L’Insee démontre ainsi que les réformes fiscales engagées dans la cadre de la politique du «quoi qu’il en coûte» et pour lutter contre les conséquences de la Covid ont rapporté davantage aux plus aisés qu’aux plus modestes. Ces effets vont s’amplifier car les mesures profitant aux plus aisés vont perdurer tandis que les mesures pour les plus modestes vont disparaître. L’étiquette de «président des riches» risque donc de coller encore à la peau du Président Macron, tel le sparadrap du capitaine Haddock. Il faut enfin revenir à la Corse où le niveau de vie est le plus faible du pays, après celui de la région Hauts-de-France, hors population des territoires d’outre-mer. En 2019, dans l’île, le niveau de vie annuel médian était de 20 950€ (soit 1 750€/mois). C’est-à-dire que 170000 personnes vivaient avec moins de 1750€ par mois de RD. Ils ont eu un revenu supplémentaire de 10€ par mois, donc pas de quoi modifier leur quotidien.
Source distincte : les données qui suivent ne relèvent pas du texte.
Lemma stab_fromP n m (p : {perm 'I_n * bool}) :
  reflect (forall (x : 'I_n) b, m <= x -> p (x, b) = (x, b)) (p \in stab_from n m).
Proof.
apply: (iffP astabP) => [fix_p x b le_mx | fix_p [x b]].
  by have := fix_p (x, b); rewrite inE => /(_ le_mx).
by rewrite inE => /= le_mx; apply: fix_p.
Qed.
Arguments stab_fromP {n m p}.

Lemma stab_fromS n m m' : m <= m' -> stab_from n m \subset stab_from n m'.
Proof. by move=> le_mm'; apply/astabS/subsetP => u; rewrite !inE => /(leq_trans le_mm'). Qed.

Lemma tD_stab n k : k < n -> tD n k.+1 \in stab_from n k.+1.
Proof.
move=> lt_kn; apply/stab_fromP => x b le_kx; apply: acts_as_eval (acts_as_tD lt_kn) _.
by rewrite /tcycle; case_ifs; congr pair; lia.
Qed.

Lemma wD_stab n k : 0 < k < n -> wD n k \in stab_from n k.+1.
Proof.
move=> lt_k; apply/stab_fromP => x b lt_kx; apply: acts_as_eval (acts_as_wD lt_k) _.
by rewrite (_ : _ || _ = false) ?addbF //; apply/norP; split; apply/eqP; lia.
Qed.

Lemma tD_expE n m a (x : 'I_n) c : val x = m -> a <= m ->
  sembed ((tD n m.+1 ^+ a) (x, c)) = (m - a, c).
Proof.
move=> xm; elim: a => [|a IHa] le_am; first by rewrite expg0 perm1 /sembed xm subn0.
have lt_mn : m < n by rewrite -xm ltn_ord.
rewrite expgSr permM; case E: ((tD n m.+1 ^+ a) (x, c)) => [y d].
move: (IHa (ltnW le_am)); rewrite E => -[ya ->].
by rewrite (acts_as_tD lt_mn) /tcycle ya; case_ifs; congr pair; lia.
Qed.

Definition dfactor n m a c := wD n m ^+ c * tD n m.+1 ^+ a.

Lemma dfactorE n m a c (x : 'I_n) : val x = m -> 0 < m -> a <= m -> c <= 1 ->
  sembed (dfactor n m a c (x, false)) = (m - a, c == 1%N).
Proof.
move=> xm m_gt0 le_am le_c1; rewrite permM.
have lt_m : 0 < m < n by rewrite m_gt0 -xm ltn_ord.
have -> : (wD n m ^+ c) (x, false) = (x, c == 1%N).
  case: c le_c1 => [|[|//]] _; first by rewrite expg0 perm1.
  by rewrite expg1; apply: acts_as_eval (acts_as_wD lt_m) _; rewrite /= xm eqxx orbT.
by rewrite tD_expE.
Qed.

Lemma dfactor_stab n m a c : 0 < m < n -> dfactor n m a c \in stab_from n m.+1.
Proof.
by case/andP=> m_gt0 lt_mn; rewrite groupM ?groupX ?wD_stab ?tD_stab ?m_gt0.
Qed.

Lemma even_stab1 n p : p \in even_signed n -> p \in stab_from n 1 -> p = 1.
Proof.
move=> + /stab_fromP fix_p; rewrite !inE => /andP [sp even_p].
apply/permP => -[x b]; rewrite perm1.
have [x0 | x_gt0] := posnP x; last exact: fix_p.
have pos_x : pos p x = x.
  apply: val_inj => /=; rewrite x0; have [// | y_gt0] := posnP (pos p x).
  have : pos p (pos p x) = pos p x by rewrite /pos fix_p.
  by move/(pos_inj sp) => pos_xx; move: y_gt0; rewrite pos_xx x0.
have sgn_x : sgn p x = false.
  move: even_p; rewrite /parity (bigD1 x) //= big1 ?addbF => [/negbTE //|k neq_kx].
  rewrite /sgn fix_p //; case: (posnP k) => // k0.
  by case/eqP: neq_kx; apply: val_inj => /=; rewrite k0 x0.
by rewrite signedP // pos_x sgn_x addbF.
Qed.

Lemma sD_Dn n i : 0 < i < n -> sD n i \in Dn n.
Proof.
case/andP=> i_gt0 lt_in; apply/mem_gen/setU1P; right.
by apply/imsetP; exists (Ordinal lt_in).
Qed.

Lemma sD1'_Dn n : sD1' n \in Dn n.
Proof. exact/mem_gen/setU1P/or_introl. Qed.

Lemma tD_Dn n k : k <= n -> tD n k \in Dn n.
Proof.
move=> le_kn; rewrite /tD big_seq; apply: group_prod => i.
by rewrite mem_index_iota => lt_i; apply: sD_Dn; lia.
Qed.

Lemma wD_Dn n k : k < n -> wD n k \in Dn n.
Proof.
move=> lt_kn; rewrite /wD !big_seq !groupM ?sD1'_Dn //; apply: group_prod => i.
  by rewrite mem_rev mem_iota => lt_i; apply: sD_Dn; lia.
by rewrite mem_index_iota => lt_i; apply: sD_Dn; lia.
Qed.

Lemma dfactor_Dn n m a c : m < n -> dfactor n m a c \in Dn n.
Proof. by move=> lt_mn; rewrite groupM ?groupX ?wD_Dn ?tD_Dn. Qed.

Definition dword_upto n (i j : nat -> nat) m :=
  \prod_(1 <= k < m) dfactor n k (i k.+1) (j k).

Definition bounded_upto m (i j : nat -> nat) :=
  forall k, 0 < k < m -> i k.+1 <= k /\ j k <= 1.

Lemma bounded_uptoW m m' i j : m' <= m -> bounded_upto m i j -> bounded_upto m' i j.
Proof. by move=> le_m'm bnd k /andP [k_gt0 lt_km']; apply: bnd; lia. Qed.

Lemma dword_upto_recr n i j m : 0 < m ->
  dword_upto n i j m.+1 = dword_upto n i j m * dfactor n m (i m.+1) (j m).
Proof. by move=> m_gt0; rewrite /dword_upto big_nat_recr. Qed.

Lemma dword_upto_Dn n i j m : m <= n -> dword_upto n i j m \in Dn n.
Proof.
move=> le_mn; rewrite /dword_upto big_seq; apply: group_prod => k.
by rewrite mem_index_iota => lt_k; apply: dfactor_Dn; lia.
Qed.

Lemma dword_upto_stab n i j m : m <= n -> dword_upto n i j m \in stab_from n m.
Proof.
move=> le_mn; rewrite /dword_upto big_seq; apply: group_prod => k.
rewrite mem_index_iota => lt_k; apply: (subsetP (@stab_fromS n k.+1 m _)); first lia.
by apply: dfactor_stab; lia.
Qed.

Lemma even_signed_peel n m p : 0 < m < n ->
    p \in even_signed n -> p \in stab_from n m.+1 ->
  exists a c, [/\ a <= m, c <= 1 & p * (dfactor n m a c)^-1 \in stab_from n m].
Proof.
move=> lt_m p_even p_stab; have /andP [m_gt0 lt_mn] := lt_m.
have sp : signed p by move: p_even; rewrite !inE => /andP [].
pose x := Ordinal lt_mn.
have le_pos : pos p x <= m.
  rewrite leqNgt; apply/negP => lt_pos.
  have : pos p (pos p x) = pos p x by rewrite /pos (stab_fromP p_stab).
  by move/(pos_inj sp) => eq_x; move: lt_pos; rewrite eq_x ltnn.
exists (m - pos p x), (sgn p x); split; [exact: leq_subr | by case: (sgn p x) |].
set r := dfactor n m _ _.
have r_x : r (x, false) = p (x, false).
  apply: (pcan_inj (@sembedK n)); rewrite dfactorE ?leq_subr //; last by case: sgn.
  by rewrite subKn // /sembed /pos /sgn; case: (p _) => y c /=; case: c.
have q_stab : p * r^-1 \in stab_from n m.+1 by rewrite groupM ?groupV ?dfactor_stab.
have q_signed : signed (p * r^-1).
  have r_signed : r \in signed_perms n by rewrite groupM ?groupX ?wD_signed ?tD_signed.
  have p_signed : p \in signed_perms n by rewrite inE.
  by have := groupM p_signed (groupVr r_signed); rewrite inE.
apply/stab_fromP => z b; rewrite leq_eqVlt => /orP [/eqP mz | lt_mz].
  have -> : z = x by apply: val_inj.
  have q_x : (p * r^-1) (x, false) = (x, false) by rewrite permM -r_x permK.
  by rewrite signedP // /pos /sgn q_x addbF.
exact: (stab_fromP q_stab).
Qed.

Lemma even_signed_dword_upto n m p : 0 < m <= n ->
    p \in even_signed n -> p \in stab_from n m ->
  exists i j, bounded_upto m i j /\ p = dword_upto n i j m.
Proof.
elim: m p => [|m IHm] p /andP [_ le_mn] // p_even p_stab.
have [m0 | m_gt0] := posnP m.
  exists (fun _ => 0), (fun _ => 0); split=> [k|]; first lia.
  by rewrite m0 /dword_upto big_geq // (even_stab1 p_even); rewrite -?m0.
have lt_m : 0 < m < n by rewrite m_gt0.
have [a [c [le_am le_c1 q_stab]]] := even_signed_peel lt_m p_even p_stab.
have q_even : p * (dfactor n m a c)^-1 \in even_signed n.
  by rewrite groupM ?groupV // (subsetP (Dn_sub_even _)) ?dfactor_Dn //; lia.
have le_m : 0 < m <= n by rewrite m_gt0 ltnW.
have [i [j [bnd_ij q_eq]]] := IHm _ le_m q_even q_stab.
exists (fun k => if k == m.+1 then a else i k), (fun k => if k == m then c else j k).
split=> [k /andP [k_gt0 lt_km] | ].
  have [-> | neq_km] := eqVneq k m; first by rewrite !eqxx.
  rewrite eqSS (negbTE neq_km); apply: bnd_ij; lia.
rewrite dword_upto_recr // !eqxx -[p](mulgKV (dfactor n m a c)) q_eq.
congr (_ * _); apply: eq_big_nat => k /andP [_ lt_km].
by rewrite eqSS !ifN //; apply/eqP; lia.
Qed.

Lemma dword_upto_inj n m i j i' j' : m <= n ->
    bounded_upto m i j -> bounded_upto m i' j' ->
    dword_upto n i j m = dword_upto n i' j' m ->
  forall k, 0 < k < m -> i k.+1 = i' k.+1 /\ j k = j' k.
Proof.
elim: m => [|m IHm] le_mn bnd bnd' eq_dw k /andP [k_gt0 lt_km] //.
have [m0 | m_gt0] := posnP m; first lia.
pose x := Ordinal le_mn.
have top_m : 0 < m < m.+1 by rewrite m_gt0 /=.
have top_eval i1 j1 : bounded_upto m.+1 i1 j1 ->
    sembed (dword_upto n i1 j1 m.+1 (x, false)) = (m - i1 m.+1, j1 m == 1%N).
  move=> bnd1; have [le_i le_j] := bnd1 m top_m.
  rewrite dword_upto_recr // permM.
  by rewrite (stab_fromP (dword_upto_stab _ _ (ltnW le_mn))) ?dfactorE.
have [le_i le_j] := bnd m top_m.
have [le_i' le_j'] := bnd' m top_m.
have [eq_i eq_j] : i m.+1 = i' m.+1 /\ j m = j' m.
  move: (top_eval _ _ bnd); rewrite eq_dw top_eval // => -[eq_i eq_j]; split; first lia.
  by move: eq_j le_j le_j'; case: (j m) => [|[|]]; case: (j' m) => [|[|]].
have [-> // | neq_km] := eqVneq k m.
have bnd_m := bounded_uptoW (leqnSn m).
apply: (IHm (ltnW le_mn) (bnd_m _ _ bnd) (bnd_m _ _ bnd')); last by lia.
by move: eq_dw; rewrite !dword_upto_recr // eq_i eq_j => /mulIg.
Qed.

Definition expo_i n (e : expo n) k := val (e.1 (inord k)).
Definition expo_j n (e : expo n) k := val (e.2 (inord k)).

Lemma dwordE n (e : expo n) : dword e = dword_upto n (expo_i e) (expo_j e) n.
Proof. by []. Qed.

Definition expo_of n (i j : nat -> nat) : expo n :=
  ([ffun k : 'I_n.+1 => inord (if 1 < k then i k else 0)],
   [ffun k : 'I_n.+1 => inord (if 0 < k < n then j k else 0)]).

Section ExpoOf.
Variables (n : nat) (i j : nat -> nat).
Hypothesis bnd : bounded_upto n i j.

Lemma valid_expo_of : valid_expo (expo_of n i j).
Proof.
apply/forallP => k; rewrite !ffunE /=; have lt_kn := ltn_ord k.
apply/andP; split.
  case: (ltnP 1 k) => lt_1k; last by rewrite inordK; lia.
  have [|le_i _] := @bnd k.-1; first lia.
  rewrite prednK in le_i; last lia.
  by rewrite inordK; lia.
case: (boolP (0 < k < n)) => lt_k; last by rewrite inordK.
by have [_ le_j] := bnd lt_k; rewrite inordK; lia.
Qed.

Lemma dword_expo_of : dword (expo_of n i j) = dword_upto n i j n.
Proof.
apply: eq_big_nat => k lt_k; have [le_i le_j] := bnd lt_k.
have [lt_kn1 lt_k1n1] : k < n.+1 /\ k.+1 < n.+1 by lia.
by rewrite !ffunE /= !inordK //; case_ifs; try lia.
Qed.

End ExpoOf.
Les classes moyennes (2 460 €/mois) y ont trouvé un très léger surplus de niveau de vie: 30€/mois. Il le sera un peu plus pour ceux qui sont au- dessus de ce RD mensuel, car les mesures concernant l’IR et la TH sont pérennes: près de 40€/mois.
Pas d’efficacité sociale
Évidemment les 1% de notre population qui vit avec un revenu supérieur ou égal à 108 700€, soit 9100€/mois pour une personne seule, ou 19020€ pour un couple avec deux enfants, ne se sentira pas concernée par ces mesures. (Source: Insee Flash n°50 de mai 2021). L’efficacité sociale de cette politique est donc quasiment nulle en Corse. L’efficacité économique globale est également limitée car la somme de 12,7 milliards d’€ (Mds €) injectée dans l’économie, mesures pérennes et exceptionnelles en 2020 et 2021, représente 280€/an et par personne, soit 7,8 millions d’€ (M€) pour l’île, à comparer aux 1 950 M€ du PEI. C’est un classique de la communication politique: un effet d’annonce fort et une efficacité sociale et économique faible, plus encore en Corse où la moitié de la population (dont 63 000 vivent sous le seuil de pauvreté) est en deçà du RD permettant le gain de 470€/an. Pendant ce temps, le fonctionnement et la situation financière des hôpitaux publics qui étaient difficiles (84 milliards d’€ de dépenses pour 82 de recettes) en 2019 avant la Covid, se sont aggravés. (Source: Les établissements de santé, édition 2021, DRESS).
Saupoudrage politique
Le coût de ces réformes leur aurait été plus profitable, car ils vivent, une crise sans précédent. Mais pour la «com», un saupoudrage politique tendant à prouver que l’on s’occupe des Français est plus porteur que la bonne santé des hôpitaux publics et la prise en charge des malades. Le «quoi qu’il en coûte», augmentant la dette publique, a donc eu une faible efficacité sociale et économique pour le pays et l’île.